Work instruction: From the data that follows, print exactly the lines starting at the one containing "coordinate fewer. *)" and ending at the one containing "move=> topn; have"; include both of them and nothing more.

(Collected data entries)
★ ★ ★

(* For every maximum-weight perfect matching $M^*$ of $G$, the induced allocation $X$ is EF1.
   Context: Setting: $n$ agents, $m$ real items $\mathcal M$, restricted additive valuations: there are values $v(g)>0$ with $v_{i,g}\in\{0,v(g)\}$ and $v_i(S)=\sum_{g\in S}v_{i,g}$; every real item is valued positively by at least one agent. Let $u_1>u_2>\dots>u_t$ be the distinct values in $\{v(g):g\in\mathcal M\}$ and $\mathcal M_f=\{g:v(g)=u_f\}$. Add a set $\mathcal M_d$ of $mn-m$ dummy items valued $0$ by all agents. The bipartite graph $G$ has left side $A=\{a_g: g\in\mathcal M\cup\mathcal M_d\}$ ($mn$ vertices) and right side $B=\{b_{(i,c)}: i\in[n], c\in[m]\}$; the set $\mathcal N_c=\{b_{(i,c)}:i\in[n]\}$ is called bucket $c$. Edges: for each real $g\in\mathcal M_f$, each agent $i$ with $v_{i,g}>0$ and each $c\in[m]$, an edge $(a_g,b_{(i,c)})$ of weight $-m^{t-f}\cdot c$; for each dummy $g$ and all $i,c$, an edge $(a_g,b_{(i,c)})$ of weight $0$; no other edges. The allocation induced by a perfect matching $M$ is $X_i=\{g\in\mathcal M: a_g \text{ matched in } M \text{ to some } b_{(i,c)}\}$. $X$ is EF1 if for all agents $i,j$ either $v_i(X_i)\ge v_i(X_j)$ or there is $g\in X_j$ with $v_i(X_i)\ge v_i(X_j\setminus\{g\})$. *)

From mathcomp Require Import all_boot all_order all_algebra.
Set Implicit Arguments. Unset Strict Implicit. Unset Printing Implicit Defensive.
Import Order.TTheory GRing.Theory Num.Theory.
Local Open Scope ring_scope.

Section Defs.
Variables (R : realFieldType) (n m : nat).
Variables (v : 'I_m -> R) (val : 'I_n -> 'I_m -> R).

(* Left side A: real items (inl g) and the m*n - m dummy items (inr d). *)
Definition Left := ('I_m + 'I_(m * n - m))%type.
(* Right side B: vertices b_(i,c); c : 'I_m encodes bucket c+1 in [m]. *)
Definition Right := ('I_n * 'I_m)%type.

Definition dist_values : seq R :=
  sort (fun x y => y <= x) (undup [seq v g | g <- enum 'I_m]).
Definition tval : nat := size dist_values.
(* f such that v(g) = u_f (1-based) *)
Definition fidx (g : 'I_m) : nat := (index (v g) dist_values).+1.

Definition is_edge (a : Left) (b : Right) : bool :=
  match a with
  | inl g => 0 < val b.1 g
  | inr _ => true
  end.

Definition edge_weight (a : Left) (b : Right) : int :=
  match a with
  | inl g => - ((m ^ (tval - fidx g))%:Z * (b.2 : nat).+1%:Z)
  | inr _ => 0
  end.

Definition perfect_matching (M : Left -> Right) : Prop :=
  bijective M /\ forall a, is_edge a (M a).

Definition matching_weight (M : Left -> Right) : int :=
  \sum_(a : Left) edge_weight a (M a).

Definition max_weight_perfect_matching (M : Left -> Right) : Prop :=
  perfect_matching M /\
  forall M' : Left -> Right, perfect_matching M' ->
    matching_weight M' <= matching_weight M.

Definition induced_alloc (M : Left -> Right) (i : 'I_n) : {set 'I_m} :=
  [set g | (M (inl g)).1 == i].

Definition bundle_value (i : 'I_n) (S : {set 'I_m}) : R :=
  \sum_(g in S) val i g.

Definition EF1 (X : 'I_n -> {set 'I_m}) : Prop :=
  forall i j : 'I_n,
    bundle_value i (X j) <= bundle_value i (X i) \/
    exists2 g, g \in X j & bundle_value i (X j :\ g) <= bundle_value i (X i).
End Defs.

(* Buckets are indexed from 0, so slot (j, c) is agent j's (c+1)-th pick and
   an item g placed there contributes -prio(g) * (c+1) to the weight, where
   prio(g) = m^(t - f(g)) grows by a factor m between consecutive distinct
   values (prio_gap).  Two exchange arguments on a maximum-weight perfect
   matching M show: if agent i != j values g and g sits in a bucket c > 0 of
   agent j, then slot (i, c - 1) holds a real item h with v_i(h) >= v_i(g).
   A dummy there could be swapped with g (prev_slot_not_dummy); a worse item h
   could be rotated out through a dummy slot of i, which exists by pigeonhole
   (dummy_at_agent), gaining at least prio(g) - (m - 1) prio(h) > 0
   (prev_slot_item_better).  Sending each such g to that h is injective, so
   the items of X_j outside bucket 0 are worth at most v_i(X_i) to i
   (bundle_le_of_late_items, via the summation lemma sum_le_inj).  X_j has at
   most one item in bucket 0; removing it gives EF1 (mainTheorem10). *)
From Pilot Require Import Defs.
From mathcomp Require Import all_boot all_order all_algebra.
From mathcomp Require Import perm zify.
Set Implicit Arguments. Unset Strict Implicit. Unset Printing Implicit Defensive.
Import Order.TTheory GRing.Theory Num.Theory.
Local Open Scope ring_scope.

Lemma sum_tperm (T : finType) (U : Type) (f : T -> U -> int) (F : T -> U) x y :
  x != y ->
  \sum_a f a (F (tperm x y a)) =
  \sum_a f a (F a) + (f x (F y) + f y (F x) - f x (F x) - f y (F y)).
Proof.
move=> xy.
rewrite (bigD1 x) // (bigD1 y) 1?eq_sym //= [in RHS](bigD1 x) //.
rewrite [in RHS](bigD1 y) 1?eq_sym //= tpermL tpermR.
rewrite (eq_bigr (fun a => f a (F a))); last first.
  by move=> a /andP[ay ax]; rewrite tpermD // eq_sym.
lia.
Qed.

Lemma sum_le_inj (T : finType) (R : numDomainType) (f : T -> R) (phi : T -> T)
    (A B : {set T}) :
  (forall x, 0 <= f x) -> {in A, forall x, f x <= f (phi x)} ->
  {in A &, injective phi} -> phi @: A \subset B ->
  \sum_(x in A) f x <= \sum_(x in B) f x.
Proof.
move=> f_ge0 f_phi phi_inj phiAB.
apply: (le_trans (y := \sum_(x in A) f (phi x))); first exact: ler_sum.
rewrite -big_imset // [in X in _ <= X](big_setID (phi @: A)) /=.
by rewrite (setIidPr phiAB) lerDl sumr_ge0.
Qed.

(* The priority of an item: an edge of item g into bucket index c weighs
   -(prio g * (c + 1)); more valuable items get larger priorities. *)
Definition prio (R : realFieldType) (m : nat) (v : 'I_m -> R) (g : 'I_m) : nat :=
  m ^ (Defs.tval v - fidx v g).

Lemma mem_dist_values (R : realFieldType) m (v : 'I_m -> R) g :
  v g \in dist_values v.
Proof. by rewrite mem_sort mem_undup map_f // mem_enum. Qed.

Lemma fidx_le_tval (R : realFieldType) m (v : 'I_m -> R) g :
  (fidx v g <= Defs.tval v)%N.
Proof. by rewrite /fidx /Defs.tval index_mem mem_dist_values. Qed.

(* Distinct values are listed in decreasing order, so a larger value has a
   smaller rank. *)
Lemma fidx_lt (R : realFieldType) m (v : 'I_m -> R) g h :
  v h < v g -> (fidx v g < fidx v h)%N.
Proof.
move=> vhg; rewrite /fidx ltnS.
have ge_trans : transitive (fun x y : R => y <= x).
  by move=> a b c ab bc; exact: le_trans bc ab.
have sorted_dist : sorted (fun x y : R => y <= x) (dist_values v).
  by apply: sort_sorted => a b; exact: le_total.
case: ltngtP => // idx.
  have := sorted_ltn_index ge_trans sorted_dist _ _
            (mem_dist_values v h) (mem_dist_values v g) idx.
  by rewrite /= leNgt vhg.
have := congr1 (nth 0 (dist_values v)) idx.
by rewrite !nth_index ?mem_dist_values // => vgh; rewrite vgh ltxx in vhg.
Qed.

(* Priorities are positive (m > 0 as soon as there is an item). *)
Lemma prio_gt0 (R : realFieldType) m (v : 'I_m -> R) g : (0 < prio v g)%N.
Proof. by rewrite expn_gt0 (leq_ltn_trans (leq0n g) (ltn_ord g)). Qed.

(* The priority of a strictly more valuable item exceeds m times that of a
   less valuable one: one bucket of the better item outweighs all buckets. *)
Lemma prio_gap (R : realFieldType) m (v : 'I_m -> R) g h :
  v h < v g -> (prio v h * m <= prio v g)%N.
Proof.
move=> vhg; rewrite /prio -expnSr leq_pexp2l //.
  by rewrite (leq_ltn_trans (leq0n g) (ltn_ord g)).
have := fidx_lt vhg; have := fidx_le_tval v h; lia.
Qed.

Lemma matching_weight_tperm (R : realFieldType) (n m : nat) (v : 'I_m -> R)
    (F : Left n m -> Right n m) x y :
  x != y ->
  matching_weight v (F \o tperm x y) = matching_weight v F +
    (edge_weight v x (F y) + edge_weight v y (F x)
     - edge_weight v x (F x) - edge_weight v y (F y)).
Proof. exact: sum_tperm. Qed.

Lemma perfect_matching_comp (R : realFieldType) (n m : nat)
    (val : 'I_n -> 'I_m -> R) (F : Left n m -> Right n m) (s : Left n m -> Left n m) :
  perfect_matching val F -> bijective s -> (forall a, is_edge val a (F (s a))) ->
  perfect_matching val (F \o s).
Proof.
by move=> [F_bij _] s_bij edges; split; [exact: (bij_comp F_bij s_bij) | exact: edges].
Qed.

Definition prev_bucket (m : nat) (c : 'I_m) : 'I_m :=
  Ordinal (leq_ltn_trans (leq_pred c) (ltn_ord c)).

Lemma prev_bucket_inj (m : nat) (c1 c2 : 'I_m) :
  (0 < c1)%N -> (0 < c2)%N -> prev_bucket c1 = prev_bucket c2 -> c1 = c2.
Proof. by move=> c1_gt0 c2_gt0 [eq_pred]; apply: val_inj => /=; lia. Qed.
Lemma agrees_setU1 J a j i : agrees (j |: J) a i = (i j == a j) && agrees J a i.
Proof.
apply/forall_inP/andP => [agr | [/eqP ij /forall_inP agr] l].
  by split; [exact/agr/setU11 | apply/forall_inP => l lJ; apply/agr/setU1r].
by case/setU1P => [-> | /agr]; first exact/eqP.
Qed.

Lemma marginal_split F J a j : j \notin J ->
  marginal F J a = \sum_c marginal F (j |: J) (idx_upd a j c).
Proof.
move=> jNJ; rewrite /marginal (partition_big (fun i => i j) predT) //=.
apply: eq_bigr => c _; apply: eq_bigl => i.
rewrite agrees_setU1 ffunE eqxx andbC (@eq_agrees _ _ a) // => l lJ.
by rewrite ffunE; case: eqP => // lj; rewrite -lj lJ in jNJ.
Qed.

Lemma marginalB F G J a :
  marginal (fun i => F i - G i) J a = marginal F J a - marginal G J a.
Proof. by rewrite /marginal sumrB. Qed.

Lemma marginalZ (e : R) F J a : marginal (fun i => e * F i) J a = e * marginal F J a.
Proof. by rewrite /marginal mulr_sumr. Qed.

Lemma marginal1 J a : marginal (fun=> 1) J a = (s ^ #|~: J|)%:R.
Proof.
move en : #|~: J| => n; elim: n J a en => [|n IHn] J a.
  move/eqP; rewrite cards_eq0 => /eqP JC0.
  rewrite -[J]setCK JC0 setC0 expn0 /marginal (eq_bigl _ _ (agreesT a)).
  by rewrite big_pred1_eq.
move=> JCn; have /card_gt0P[j] : (0 < #|~: J|)%N by rewrite JCn.
rewrite inE => jNJ; rewrite (marginal_split _ _ jNJ).
have JCj : #|~: (j |: J)| = n.
  by have := cardsC J; have := cardsC (j |: J); rewrite cardsU1 jNJ card_ord; lia.
under eq_bigr do rewrite IHn //.
by rewrite sumr_const card_ord -mulrnA -expnSr.
Qed.

Lemma marginal_const (e : R) J a : marginal (fun=> e) J a = e * (s ^ #|~: J|)%:R.
Proof. by rewrite -(marginal1 J a) -marginalZ; apply: eq_bigr => i _; rewrite mulr1. Qed.

End Marginals.

Definition marginals_vanish (R : realFieldType) k s (t : nat) (F : Idx k s -> R) :=
  forall (J : {set 'I_k}) (a : Idx k s), #|J| = t -> marginal F J a = 0.

Section VanishingMarginals.
Variables (R : realFieldType) (k s t : nat).
Implicit Types (F G : Idx k s -> R) (J : {set 'I_k}) (a i : Idx k s).

Lemma eq_marginals_vanish F G :
  F =1 G -> marginals_vanish t F -> marginals_vanish t G.
Proof.
by move=> eqFG F0 J a Jt; rewrite -(F0 J a Jt); apply: eq_bigr => i _; rewrite eqFG.
Qed.

Lemma marginals_vanish_le F : (t <= k)%N -> marginals_vanish t F ->
  forall J a, (#|J| <= t)%N -> marginal F J a = 0.
Proof.
move=> t_le_k F0 J a; move en : (t - #|J|)%N => n; elim: n J a en => [|n IHn] J a.
  by move=> tJ Jt; apply: F0; lia.
move=> tJn _; have /card_gt0P[j] : (0 < #|~: J|)%N.
  by have := cardsC J; rewrite card_ord; lia.
rewrite inE => jNJ; rewrite (marginal_split _ _ jNJ) big1 // => c _.
by apply: IHn; rewrite cardsU1 jNJ; lia.
Qed.

Definition top_coords J a := [set l in J | a l == s.-1 :> nat].

Lemma top_coordsD1 J a j : top_coords (J :\ j) a = top_coords J a :\ j.
Proof. by apply/setP => l; rewrite !inE andbA. Qed.

Lemma top_coords_upd J a j c : j \in top_coords J a -> c != a j ->
  top_coords J (idx_upd a j c) = top_coords J a :\ j.
Proof.
rewrite inE => /andP[_ /eqP ajs] cNaj; apply/setP => l; rewrite !inE ffunE.
case: (l =P j) => [-> | _]; rewrite ?andbT ?andbF // -ajs.
by move: cNaj; rewrite -val_eqE => /negbTE ->; rewrite andbF.
Qed.

Lemma idx_upd_id a j : idx_upd a j (a j) = a.
Proof. by apply/ffunP => l; rewrite ffunE; case: eqP => // ->. Qed.

Hypothesis s_gt0 : (0 < s)%N.

Definition idx_restrict J a : Idx k s :=
  [ffun l => if l \in J then a l else Ordinal s_gt0].

Lemma rowP_idx_restrict J a : (#|J| <= t)%N -> top_coords J a = set0 ->
  Defs.rowP t (J, idx_restrict J a).
Proof.
move=> tJ top0; rewrite /Defs.rowP /= tJ /=.
apply/andP; split; apply/forall_inP => l lJ.
  have : l \notin top_coords J a by rewrite top0 inE.
  rewrite /idx_restrict ffunE lJ inE lJ /= ltn_neqAle => ->.
  by rewrite -ltnS prednK //= ltn_ord.
by rewrite /idx_restrict ffunE (negbTE (_ : l \notin J)) -?in_setC.
Qed.

Lemma row_marginals_vanish F :
  (forall p : RowIdx k s t, marginal F (val p).1 (val p).2 = 0) ->
  forall J a, (#|J| <= t)%N -> marginal F J a = 0.
Proof.
(* Induction on the number of coordinates of [J] where [a] is [s-1]: splitting
   along such a coordinate [j] expresses the marginal at [a] through the one on
   [J :\ j] and those at [idx_upd a j c], [c != a j], which all have one such
   coordinate fewer. *)
move=> F0 J a tJ; move en : #|top_coords J a| => n.
elim: n J a tJ en => [|n IHn] J a tJ.
  move/eqP; rewrite cards_eq0 => /eqP top0.
  rewrite -(F0 (Sub (J, idx_restrict J a) (rowP_idx_restrict tJ top0))) /=.
  by apply: eq_bigl => i; apply: eq_agrees => l lJ; rewrite ffunE lJ.
move=> topn; have /card_gt0P[j jtop] : (0 < #|top_coords J a|)%N by rewrite topn.
have jJ : j \in J by move: jtop; rewrite inE => /andP[].
have topj : #|top_coords J a :\ j| = n by move: topn; rewrite (cardsD1 j) jtop; lia.
have jNJj : j \notin J :\ j by rewrite setD11.
have := marginal_split F a jNJj; rewrite setD1K // (bigD1 (a j)) //= idx_upd_id.
rewrite IHn ?top_coordsD1 //; last first.
  by apply: leq_trans tJ; apply/subset_leq_card/subsetDl.
rewrite big1 ?addr0 => [<- // | c cNaj].
by apply: IHn; rewrite ?top_coords_upd.
Qed.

★ ★ ★

Result for this exercise:
   coordinate fewer. *)
move=> F0 J a tJ; move en : #|top_coords J a| => n.
elim: n J a tJ en => [|n IHn] J a tJ.
  move/eqP; rewrite cards_eq0 => /eqP top0.
  rewrite -(F0 (Sub (J, idx_restrict J a) (rowP_idx_restrict tJ top0))) /=.
  by apply: eq_bigl => i; apply: eq_agrees => l lJ; rewrite ffunE lJ.
move=> topn; have /card_gt0P[j jtop] : (0 < #|top_coords J a|)%N by rewrite topn.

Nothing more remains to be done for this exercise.